Stopsley High School is a co-educational secondary school located in the Stopsley area of Luton, Bedfordshire, England.

History
In September 2002 Stopsley High became a designated specialist sports college. It was re-designated in 2007 with Music nominated as its second subject.

As a part of Building Schools for the Future (BSF) programme the school's capacity was expanded from 990 to 1350.

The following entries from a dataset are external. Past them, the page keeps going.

Lemma twisted_trace_roq_id (gT : finGroupType) (P : {group gT}) a :
  twisted_trace a P (roq_id P) =
  #|[set C in classes P | [exists s in C, (s ^+ a)%g \in C]]|%:R.
Proof.
rewrite /twisted_trace (eq_bigr (fun y => #|[set z in P | ((y ^+ a) ^ z)%g == y]|%:R)).
  by rewrite -natr_sum sum_card_conjugators natrM mulKf // pnatr_eq0 -lt0n cardG_gt0.
move=> y Py; rewrite /roq_id /infdef groupX // Py /=; congr (_%:R).
have rcoset1E z : rcoset 1 z = [set z].
  by rewrite rcosetE; apply/setP=> u; rewrite mem_rcoset !inE -eq_mulgV1.
have -> : [set C in rcosets 1%G P | ((y ^+ a) *: C :* y^-1 == C)%g] =
          [set [set z] | z in [set z in P | ((y ^+ a) ^ z)%g == y]].
  apply/setP => C; rewrite inE; apply/andP/imsetP => [[/imsetP[z Pz ->]] | [z]].
    by rewrite rcoset1E set1_lrcoset_fix => fixz; exists z; rewrite ?inE ?Pz.
  rewrite inE => /andP[Pz fixz] ->; rewrite set1_lrcoset_fix fixz.
  by split=> //; apply/imsetP; exists z; rewrite ?rcoset1E.
by rewrite card_imset //; apply: set1_inj.
Qed.

Section AbelianInfDef.

Variables (gT : finGroupType) (G N : {group gT}).
Hypotheses (cGG : abelian G) (sNG : N \subset G).

Lemma lrcoset_fix_abelian (w x g : gT) : w \in G -> x \in G -> g \in G ->
  ((w *: (N :* g) :* x^-1 == N :* g) = (w * x^-1 \in N))%g.
Proof.
move=> Gw Gx Gg.
have cG u v : u \in G -> v \in G -> commute u v by move=> *; apply: (centsP cGG).
apply/eqP/idP => [fixNg | Nwx].
  have : (w * g * x^-1 \in N :* g)%g.
    by rewrite -fixNg mem_rcoset invgK mulgKV mem_lcoset mulKg mem_rcoset mulgV group1.
  by rewrite mem_rcoset -(mulgA w) (cG g) ?groupV // mulgA mulgK.
apply/setP=> u; rewrite mem_rcoset mem_lcoset !mem_rcoset invgK.
have [Gu | nGu] := boolP (u \in G).
  have -> : (w^-1 * (u * x) * g^-1 = (w * x^-1)^-1 * (u * g^-1))%g.
    rewrite invMg invgK !mulgA; congr (_ * _)%g.
    by rewrite -[RHS]mulgA; apply/esym/cG; rewrite ?groupM ?groupV.
  by rewrite groupMl ?groupV.
have notN v : v \notin G -> (v \in N) = false.
  by move=> nGv; apply/negbTE; apply: contra nGv => /(subsetP sNG).
rewrite !notN //; apply: contra nGu => Gv.
  by rewrite -(groupMr _ (groupVr Gg)).
by rewrite -(groupMr _ Gx) -(groupMl _ (groupVr Gw)) -(groupMr _ (groupVr Gg)).
Qed.

Lemma twisted_trace_infdef_abelian m :
  twisted_trace (1 + m) G (infdef G N) =
  #|[set x in G | (x ^+ m)%g \in N]|%:R / #|N|%:R.
Proof.
have infdefE x : x \in G ->
    infdef G N (x ^+ (1 + m))%g x = ((x ^+ m \in N)%g * #|G : N|%g)%:R.
  move=> Gx; rewrite /infdef groupX // Gx /=; congr (_%:R).
  transitivity #|[set C in rcosets N G | (x ^+ m)%g \in N]|.
    apply: eq_card => C; rewrite !inE; apply: andb_id2l => /rcosetsP[g Gg ->].
    by rewrite lrcoset_fix_abelian ?(groupX _ Gx) // add1n expgSr mulgK.
  case: (_ \in N); rewrite ?mul1n ?mul0n.
    by apply: eq_card => C; rewrite inE andbT.
  by apply: eq_card0 => C; rewrite inE andbF.
have cardE : (\sum_(x in G) ((x ^+ m)%g \in N : nat))%N =
             #|[set x in G | (x ^+ m)%g \in N]|.
  rewrite -sum1_card [RHS](eq_bigl (fun x => (x \in G) && ((x ^+ m)%g \in N))).
    by rewrite big_mkcondr; apply: eq_bigr => x _; case: (_ \in N).
  by move=> x; rewrite inE.
rewrite /twisted_trace (eq_bigr _ infdefE) -natr_sum -big_distrl /= cardE.
rewrite -(Lagrange sNG) !natrM invfM mulrC mulrACA mulfV ?mulr1 //.
by rewrite pnatr_eq0 -lt0n indexg_gt0.
Qed.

Previously a foundation school administered by Luton Borough Council, in September 2021 Stopsley High School converted to academy status. It is now sponsored by the Middlesex Learning Trust.

Uniform 
The main colours of the Stopsley High Schools uniform are black and blue. Boys wear black trousers and girls have the option of black trousers or a black skirt. The tie is black and blue with the school logo, but prefects wear special ties with their house logo replacing the school's. The shirt can be accompanied by a black jumper with the Stopsley motif on the left breast.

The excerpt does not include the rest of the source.